____ RECORDS FOR THIS TASK
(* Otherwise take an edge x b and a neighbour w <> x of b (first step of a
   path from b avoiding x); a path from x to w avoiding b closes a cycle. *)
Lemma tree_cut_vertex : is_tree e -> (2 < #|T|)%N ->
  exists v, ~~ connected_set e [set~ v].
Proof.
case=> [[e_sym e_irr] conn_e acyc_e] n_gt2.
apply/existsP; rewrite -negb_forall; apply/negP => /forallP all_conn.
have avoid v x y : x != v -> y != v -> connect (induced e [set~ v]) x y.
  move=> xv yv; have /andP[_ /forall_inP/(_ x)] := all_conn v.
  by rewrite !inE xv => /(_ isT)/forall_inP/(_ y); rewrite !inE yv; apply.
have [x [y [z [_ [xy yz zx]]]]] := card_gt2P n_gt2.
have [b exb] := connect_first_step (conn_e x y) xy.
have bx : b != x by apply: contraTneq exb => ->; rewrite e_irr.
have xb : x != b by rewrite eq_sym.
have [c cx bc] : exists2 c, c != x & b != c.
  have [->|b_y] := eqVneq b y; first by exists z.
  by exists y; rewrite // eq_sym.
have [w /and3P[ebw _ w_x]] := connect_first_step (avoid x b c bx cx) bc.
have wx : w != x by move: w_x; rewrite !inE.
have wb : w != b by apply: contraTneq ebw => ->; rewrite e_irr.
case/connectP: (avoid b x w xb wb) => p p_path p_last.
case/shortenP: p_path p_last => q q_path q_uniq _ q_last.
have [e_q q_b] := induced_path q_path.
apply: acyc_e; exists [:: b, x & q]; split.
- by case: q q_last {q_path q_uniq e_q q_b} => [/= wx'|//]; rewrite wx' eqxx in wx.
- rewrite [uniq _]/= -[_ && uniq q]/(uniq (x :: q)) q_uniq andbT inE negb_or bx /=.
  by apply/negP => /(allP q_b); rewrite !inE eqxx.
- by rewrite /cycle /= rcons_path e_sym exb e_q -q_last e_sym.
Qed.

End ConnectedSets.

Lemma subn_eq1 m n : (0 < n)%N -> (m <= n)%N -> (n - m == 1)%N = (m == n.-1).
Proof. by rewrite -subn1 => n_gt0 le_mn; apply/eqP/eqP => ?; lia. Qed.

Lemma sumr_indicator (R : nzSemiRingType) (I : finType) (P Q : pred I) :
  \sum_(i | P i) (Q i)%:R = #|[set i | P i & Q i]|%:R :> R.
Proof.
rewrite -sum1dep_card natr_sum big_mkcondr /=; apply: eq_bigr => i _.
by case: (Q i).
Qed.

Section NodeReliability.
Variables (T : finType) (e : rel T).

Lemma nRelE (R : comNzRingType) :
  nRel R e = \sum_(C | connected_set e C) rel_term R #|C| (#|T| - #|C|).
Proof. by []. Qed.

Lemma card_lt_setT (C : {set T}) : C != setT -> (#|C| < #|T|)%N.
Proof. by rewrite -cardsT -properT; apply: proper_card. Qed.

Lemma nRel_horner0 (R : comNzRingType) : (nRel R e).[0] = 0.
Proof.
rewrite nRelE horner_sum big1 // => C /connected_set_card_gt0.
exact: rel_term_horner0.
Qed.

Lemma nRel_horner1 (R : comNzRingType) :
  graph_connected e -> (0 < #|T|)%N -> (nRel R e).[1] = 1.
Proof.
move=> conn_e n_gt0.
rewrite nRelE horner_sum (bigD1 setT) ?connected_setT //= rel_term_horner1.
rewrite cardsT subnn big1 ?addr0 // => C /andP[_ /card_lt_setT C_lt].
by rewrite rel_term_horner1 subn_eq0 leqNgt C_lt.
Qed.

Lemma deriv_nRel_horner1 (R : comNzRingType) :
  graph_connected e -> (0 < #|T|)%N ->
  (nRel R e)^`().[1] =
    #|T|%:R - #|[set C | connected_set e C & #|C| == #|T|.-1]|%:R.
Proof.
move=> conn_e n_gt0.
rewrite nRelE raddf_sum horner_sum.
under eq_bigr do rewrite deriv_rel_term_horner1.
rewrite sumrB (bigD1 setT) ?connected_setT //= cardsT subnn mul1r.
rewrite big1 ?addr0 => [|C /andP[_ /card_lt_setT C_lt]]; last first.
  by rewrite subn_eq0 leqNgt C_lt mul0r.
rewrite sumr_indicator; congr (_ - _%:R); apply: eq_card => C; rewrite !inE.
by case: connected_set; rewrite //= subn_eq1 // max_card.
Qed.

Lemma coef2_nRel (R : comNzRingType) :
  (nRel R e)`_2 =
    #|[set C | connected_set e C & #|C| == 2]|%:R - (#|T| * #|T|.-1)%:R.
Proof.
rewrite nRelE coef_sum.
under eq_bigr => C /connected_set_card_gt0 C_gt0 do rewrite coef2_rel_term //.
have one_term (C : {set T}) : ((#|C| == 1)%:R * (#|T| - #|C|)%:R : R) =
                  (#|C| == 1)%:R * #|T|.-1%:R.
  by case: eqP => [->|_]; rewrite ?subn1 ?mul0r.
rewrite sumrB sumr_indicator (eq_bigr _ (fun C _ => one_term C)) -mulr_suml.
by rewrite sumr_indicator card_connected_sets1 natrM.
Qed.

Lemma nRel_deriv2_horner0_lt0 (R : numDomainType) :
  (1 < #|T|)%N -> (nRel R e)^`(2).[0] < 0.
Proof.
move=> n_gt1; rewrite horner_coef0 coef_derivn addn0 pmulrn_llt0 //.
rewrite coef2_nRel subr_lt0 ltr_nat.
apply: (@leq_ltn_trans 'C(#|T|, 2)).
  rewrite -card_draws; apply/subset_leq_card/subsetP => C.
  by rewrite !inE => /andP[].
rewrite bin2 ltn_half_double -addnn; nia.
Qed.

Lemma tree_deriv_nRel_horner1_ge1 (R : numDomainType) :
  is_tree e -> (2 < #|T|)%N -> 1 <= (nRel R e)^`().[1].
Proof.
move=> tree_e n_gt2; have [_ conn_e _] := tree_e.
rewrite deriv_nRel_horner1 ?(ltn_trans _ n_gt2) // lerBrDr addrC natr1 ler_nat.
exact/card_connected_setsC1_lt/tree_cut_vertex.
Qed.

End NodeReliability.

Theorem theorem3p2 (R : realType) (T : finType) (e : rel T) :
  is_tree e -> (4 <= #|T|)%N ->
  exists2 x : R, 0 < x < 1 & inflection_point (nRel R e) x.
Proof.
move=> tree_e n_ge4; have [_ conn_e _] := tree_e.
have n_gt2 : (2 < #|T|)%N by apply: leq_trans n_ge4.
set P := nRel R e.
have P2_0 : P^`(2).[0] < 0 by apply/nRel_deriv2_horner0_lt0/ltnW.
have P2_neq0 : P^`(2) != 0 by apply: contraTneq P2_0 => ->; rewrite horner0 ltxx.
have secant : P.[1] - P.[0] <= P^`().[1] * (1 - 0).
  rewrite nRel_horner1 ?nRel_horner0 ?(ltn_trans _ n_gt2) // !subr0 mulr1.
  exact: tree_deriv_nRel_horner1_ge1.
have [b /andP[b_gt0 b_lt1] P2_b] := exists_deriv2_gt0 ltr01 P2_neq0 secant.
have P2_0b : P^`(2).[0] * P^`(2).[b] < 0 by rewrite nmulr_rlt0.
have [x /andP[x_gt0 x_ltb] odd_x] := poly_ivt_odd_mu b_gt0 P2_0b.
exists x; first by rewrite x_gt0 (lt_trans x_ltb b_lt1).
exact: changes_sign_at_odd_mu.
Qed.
________
> _REQUIRED WORK_
Above are the records; repeat exactly the lines from the one holding "graph_connected e -> (0 < #|T|)%N -> (nRel" down to the one holding "rewrite nRelE coef_sum.", end lines included.

> _TASK SOLUTION_
  graph_connected e -> (0 < #|T|)%N -> (nRel R e).[1] = 1.
Proof.
move=> conn_e n_gt0.
rewrite nRelE horner_sum (bigD1 setT) ?connected_setT //= rel_term_horner1.
rewrite cardsT subnn big1 ?addr0 // => C /andP[_ /card_lt_setT C_lt].
by rewrite rel_term_horner1 subn_eq0 leqNgt C_lt.
Qed.

Lemma deriv_nRel_horner1 (R : comNzRingType) :
  graph_connected e -> (0 < #|T|)%N ->
  (nRel R e)^`().[1] =
    #|T|%:R - #|[set C | connected_set e C & #|C| == #|T|.-1]|%:R.
Proof.
move=> conn_e n_gt0.
rewrite nRelE raddf_sum horner_sum.
under eq_bigr do rewrite deriv_rel_term_horner1.
rewrite sumrB (bigD1 setT) ?connected_setT //= cardsT subnn mul1r.
rewrite big1 ?addr0 => [|C /andP[_ /card_lt_setT C_lt]]; last first.
  by rewrite subn_eq0 leqNgt C_lt mul0r.
rewrite sumr_indicator; congr (_ - _%:R); apply: eq_card => C; rewrite !inE.
by case: connected_set; rewrite //= subn_eq1 // max_card.
Qed.

Lemma coef2_nRel (R : comNzRingType) :
  (nRel R e)`_2 =
    #|[set C | connected_set e C & #|C| == 2]|%:R - (#|T| * #|T|.-1)%:R.
Proof.
rewrite nRelE coef_sum.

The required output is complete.